Manifesting Instagram from digital cool into physical memory.
In a far more brilliant treatise that I could ever give, writer/designer/genius Craig Mod describes the process of transforming digital content into physical goods as “going from boundless to bounded. A space without implicit edges to one composed entirely of edges.”
As digital whets desire, edges give us something to consume.
Reading Mod’s essay on bounding the techie process of building Flipboard for iPhone into a single, thick, eight-pound book – as opposed to the “ethereality” that the app is on your device – is advisable.
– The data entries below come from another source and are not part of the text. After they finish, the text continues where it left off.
(* For every set of formulas $\Gamma$ and every formula $\phi$: if $\Gamma\vdash\phi$ then $\Gamma\vDash\phi$. That is, the logic $\vdash$ is sound with respect to the class of continuous t-norms.
   Context: Fix a countable predicate language $\mathcal L$ consisting of variables, constant symbols and predicate symbols (so terms are just variables and constants), with connectives $\to$, $\&$, the propositional constant $0$ and quantifiers $\forall,\exists$. Abbreviations: $\phi\wedge\psi$ is $\phi\&(\phi\to\psi)$; $\phi\vee\psi$ is $((\phi\to\psi)\to\psi)\wedge((\psi\to\phi)\to\phi)$; $\neg\phi$ is $\phi\to 0$; $1$ is $0\to 0$; $\beta^n$ is $\beta\&\cdots\&\beta$ ($n$ factors). $\phi(x/t)$ denotes the result of substituting the term $t$ for the free occurrences of $x$ in $\phi$. A sentence is a formula with no free variables; a theory is any set of formulas. Hájek's basic predicate logic BL$\forall$ has the axiom schemata (A1) $(\phi\to\psi)\to((\psi\to\chi)\to(\phi\to\chi))$; (A2) $(\phi\&\psi)\to\phi$; (A3) $(\phi\&\psi)\to(\psi\&\phi)$; (A4) $(\phi\&(\phi\to\psi))\to(\psi\&(\psi\to\phi))$; (A5) $(\phi\to(\psi\to\chi))\to((\phi\&\psi)\to\chi)$; (A6) $((\phi\&\psi)\to\chi)\to(\phi\to(\psi\to\chi))$; (A7) $((\phi\to\psi)\to\chi)\to(((\psi\to\phi)\to\chi)\to\chi)$; (A8) $0\to\phi$; ($\forall$1) $\forall x\phi\to\phi(x/t)$ and ($\exists$1) $\phi(x/t)\to\exists x\phi$, for $t$ substitutable for $x$ in $\phi$; ($\forall$2) $\forall x(\phi\to\psi)\to(\phi\to\forall x\psi)$, ($\exists$2) $\forall x(\psi\to\phi)\to(\exists x\psi\to\phi)$ and (Lin) $\forall x(\psi\vee\phi)\to((\forall x\psi)\vee\phi)$, each with $x$ not free in $\phi$; its rules are modus ponens (from $\phi$ and $\phi\to\psi$ infer $\psi$) and generalization (from $\phi$ infer $\forall x\phi$). The logic $\vdash$ extends BL$\forall$ by the axiom schema (RC) $\forall x(\chi\&\chi)\to((\forall x\chi)\&(\forall x\chi))$ for every formula $\chi$, and the infinitary rule (Inf): from all of $\phi\vee(\alpha\to\beta^n)$, $n\in\mathbb N$, infer $\phi\vee(\alpha\to(\alpha\&\beta))$, where $\phi,\alpha,\beta$ are sentences. A proof from $\Gamma$ is a sequence $(\phi_i)_{i\le\xi}$ indexed by the ordinals up to some ordinal $\xi$ such that each $\phi_i$ is an axiom of BL$\forall$, an instance of (RC), a member of $\Gamma$, or is obtained from formulas in $\{\phi_j: j<i\}$ by modus ponens, generalization, or (Inf). $\Gamma\vdash\phi$ means there is a proof from $\Gamma$ whose last member is $\phi$. Semantics: a continuous t-norm is a continuous binary operation $\cdot$ on $[0,1]$ that is commutative, associative, monotone in each argument and has $1$ as unit; it is regarded as the algebra $([0,1],\cdot,\to,\min,\max,0,1)$ where $\to$ is its residuum ($x\cdot y\le z$ iff $x\le y\to z$). For such a $\mathbf B$, a $\mathbf B$-structure $\mathbf M$ consists of a nonempty set $M$, an element $c^{\mathbf M}\in M$ for each constant $c$, and a function $P^{\mathbf M}:M^n\to[0,1]$ for each $n$-ary predicate $P$. For a valuation $v$ (a map from variables to $M$), $\|\phi\|^{\mathbf M,v}$ is defined inductively: $\|P(t_1,\dots,t_n)\|^{\mathbf M,v}=P^{\mathbf M}(t_1^{\mathbf M,v},\dots,t_n^{\mathbf M,v})$ (with $c^{\mathbf M,v}=c^{\mathbf M}$, $x^{\mathbf M,v}=v(x)$), $\|0\|=0$, $\&$ and $\to$ are interpreted by $\cdot$ and its residuum, $\|\forall x\psi\|^{\mathbf M,v}=\inf\{\|\psi\|^{\mathbf M,w}:w\equiv_x v\}$ and $\|\exists x\psi\|^{\mathbf M,v}=\sup\{\|\psi\|^{\mathbf M,w}:w\equiv_x v\}$, where $w\equiv_x v$ means $w$ agrees with $v$ except possibly at $x$. $\mathbf M$ is a model of $\phi$ if $\|\phi\|^{\mathbf M,v}=1$ for every valuation $v$, and a model of a set $\Gamma$ if it is a model of each member. $\Gamma\vDash\phi$ means: for every continuous t-norm $\mathbf B$ and every $\mathbf B$-structure $\mathbf M$, if $\mathbf M$ is a model of $\Gamma$ then $\mathbf M$ is a model of $\phi$. *)

From Stdlib Require Import Reals List.
From Stdlib Require Vector.
From Coquelicot Require Import Coquelicot.
Open Scope R_scope.

Record language := {
  Const : Type;
  Pred : Type;
  arity : Pred -> nat;
  Const_countable : exists f : Const -> nat, forall a b, f a = f b -> a = b;
  Pred_countable : exists f : Pred -> nat, forall a b, f a = f b -> a = b
}.

Section Syntax.
Variable L : language.

Inductive term : Type :=
| Var : nat -> term
| Cst : Const L -> term.

Inductive form : Type :=
| Atom : forall p : Pred L, Vector.t term (arity L p) -> form
| Imp : form -> form -> form
| Conj : form -> form -> form          (* strong conjunction & *)
| Zero : form
| All : nat -> form -> form
| Ex : nat -> form -> form.

Definition Wedge (f g : form) : form := Conj f (Imp f g).
Definition Vee (f g : form) : form :=
  Wedge (Imp (Imp f g) g) (Imp (Imp g f) f).
Definition Neg (f : form) : form := Imp f Zero.
Definition One : form := Imp Zero Zero.
(* bpow b n = b & ... & b with n+1 factors, i.e. b^(n+1) *)
Fixpoint bpow (b : form) (n : nat) : form :=
  match n with
  | O => b
  | S k => Conj b (bpow b k)
  end.

Definition term_has_var (x : nat) (t : term) : bool :=
  match t with Var y => Nat.eqb x y | Cst _ => false end.

Fixpoint free (x : nat) (f : form) : bool :=
  match f with
  | Atom p ts => Vector.fold_right (fun t b => orb (term_has_var x t) b) ts false
  | Imp g h | Conj g h => orb (free x g) (free x h)
  | Zero => false
  | All y g | Ex y g => if Nat.eqb x y then false else free x g
  end.

Definition sentence (f : form) : Prop := forall x, free x f = false.

Definition tsubst (x : nat) (t : term) (s : term) : term :=
  match s with
  | Var y => if Nat.eqb x y then t else Var y
  | Cst c => Cst c
  end.

(* f(x/t): replace the free occurrences of x in f by t (no renaming) *)
Fixpoint subst (x : nat) (t : term) (f : form) : form :=
  match f with
  | Atom p ts => Atom p (Vector.map (tsubst x t) ts)
  | Imp g h => Imp (subst x t g) (subst x t h)
  | Conj g h => Conj (subst x t g) (subst x t h)
  | Zero => Zero
  | All y g => if Nat.eqb x y then All y g else All y (subst x t g)
  | Ex y g => if Nat.eqb x y then Ex y g else Ex y (subst x t g)
  end.

Fixpoint substitutable (t : term) (x : nat) (f : form) : Prop :=
  match f with
  | Atom _ _ | Zero => True
  | Imp g h | Conj g h => substitutable t x g /\ substitutable t x h
  | All y g | Ex y g =>
      free x f = false \/ (term_has_var y t = false /\ substitutable t x g)
  end.

Inductive BLaxiom : form -> Prop :=
| A1 f g h : BLaxiom (Imp (Imp f g) (Imp (Imp g h) (Imp f h)))
| A2 f g : BLaxiom (Imp (Conj f g) f)
| A3 f g : BLaxiom (Imp (Conj f g) (Conj g f))
| A4 f g : BLaxiom (Imp (Conj f (Imp f g)) (Conj g (Imp g f)))
| A5 f g h : BLaxiom (Imp (Imp f (Imp g h)) (Imp (Conj f g) h))
| A6 f g h : BLaxiom (Imp (Imp (Conj f g) h) (Imp f (Imp g h)))
| A7 f g h : BLaxiom (Imp (Imp (Imp f g) h) (Imp (Imp (Imp g f) h) h))
| A8 f : BLaxiom (Imp Zero f)
| All1 x f t : substitutable t x f -> BLaxiom (Imp (All x f) (subst x t f))
| Ex1 x f t : substitutable t x f -> BLaxiom (Imp (subst x t f) (Ex x f))
| All2 x f g : free x f = false ->
    BLaxiom (Imp (All x (Imp f g)) (Imp f (All x g)))
| Ex2 x f g : free x f = false ->
    BLaxiom (Imp (All x (Imp g f)) (Imp (Ex x g) f))
| Lin x f g : free x f = false ->
    BLaxiom (Imp (All x (Vee g f)) (Vee (All x g) f)).

Inductive RCaxiom : form -> Prop :=
| RC x c : RCaxiom (Imp (All x (Conj c c)) (Conj (All x c) (All x c))).

(* A proof from Gamma: a sequence indexed by the ordinals up to some xi,
   rendered as a well-ordered index type I with a greatest element. *)
Record proof_from (Gamma : form -> Prop) (phi : form) := {
  pidx : Type;
  plt : pidx -> pidx -> Prop;
  plt_irrefl : forall i, ~ plt i i;
  plt_trans : forall i j k, plt i j -> plt j k -> plt i k;
  plt_total : forall i j, plt i j \/ i = j \/ plt j i;
  plt_wf : well_founded plt;
  plast : pidx;
  plast_max : forall i, i = plast \/ plt i plast;
  pform : pidx -> form;
  pform_last : pform plast = phi;
  pjust : forall i,
    BLaxiom (pform i) \/ RCaxiom (pform i) \/ Gamma (pform i) \/
    (exists j k, plt j i /\ plt k i /\ pform k = Imp (pform j) (pform i)) \/
    (exists j x, plt j i /\ pform i = All x (pform j)) \/
    (exists f a b, sentence f /\ sentence a /\ sentence b /\
       pform i = Vee f (Imp a (Conj a b)) /\
       forall n, exists j, plt j i /\ pform j = Vee f (Imp a (bpow b n)))
}.

Definition provable (Gamma : form -> Prop) (phi : form) : Prop :=
  exists p : proof_from Gamma phi, True.

End Syntax.

Definition in01 (x : R) : Prop := 0 <= x <= 1.

Record ctnorm := {
  tn : R -> R -> R;
  res : R -> R -> R;
  tn_in01 : forall x y, in01 x -> in01 y -> in01 (tn x y);
  tn_comm : forall x y, in01 x -> in01 y -> tn x y = tn y x;
  tn_assoc : forall x y z, in01 x -> in01 y -> in01 z ->
      tn x (tn y z) = tn (tn x y) z;
  tn_mono : forall x y z, in01 x -> in01 y -> in01 z ->
      x <= y -> tn x z <= tn y z;
  tn_mono_r : forall x y z, in01 x -> in01 y -> in01 z ->
      x <= y -> tn z x <= tn z y;
  tn_unit : forall x, in01 x -> tn x 1 = x;
  tn_cont : forall x y, in01 x -> in01 y -> forall eps, 0 < eps ->
      exists delta, 0 < delta /\ forall x' y', in01 x' -> in01 y' ->
        Rabs (x - x') < delta -> Rabs (y - y') < delta ->
        Rabs (tn x y - tn x' y') < eps;
  res_in01 : forall x y, in01 x -> in01 y -> in01 (res x y);
  residuation : forall x y z, in01 x -> in01 y -> in01 z ->
      (tn x y <= z <-> x <= res y z)
}.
In his own words: it is “an essay about recognizing and reorganizing our journeys that live largely in digital space.” One that begs the question: “What is the value in giving them edges so we may hold them in our hands and hope to understand, perhaps, the weight of the work we produce?”
See Flipboard for iPhone The Book below:
In the case of Instagram, everyone’s favorite app that gives the most mundane of moments a filtration of coolness, a number of services have popped up that give weight to the world we archive, adding concreteness to the digital “thinness” populating our feeds.
Again, read Mod’s essay.
Here are a dozen of such services. Life, through the Sutro-colored lens of digital desire (it is always beautiful on Instagram) to physical, consumable edges.
Instagram Magnets from Stickygram
Instagram Tiles by ImageSnap
Instagram iPhone Case by Casetagram
“Location Based Photo Booth” by Instaprint
Postagram from Postagram Postcards (image via Jen May)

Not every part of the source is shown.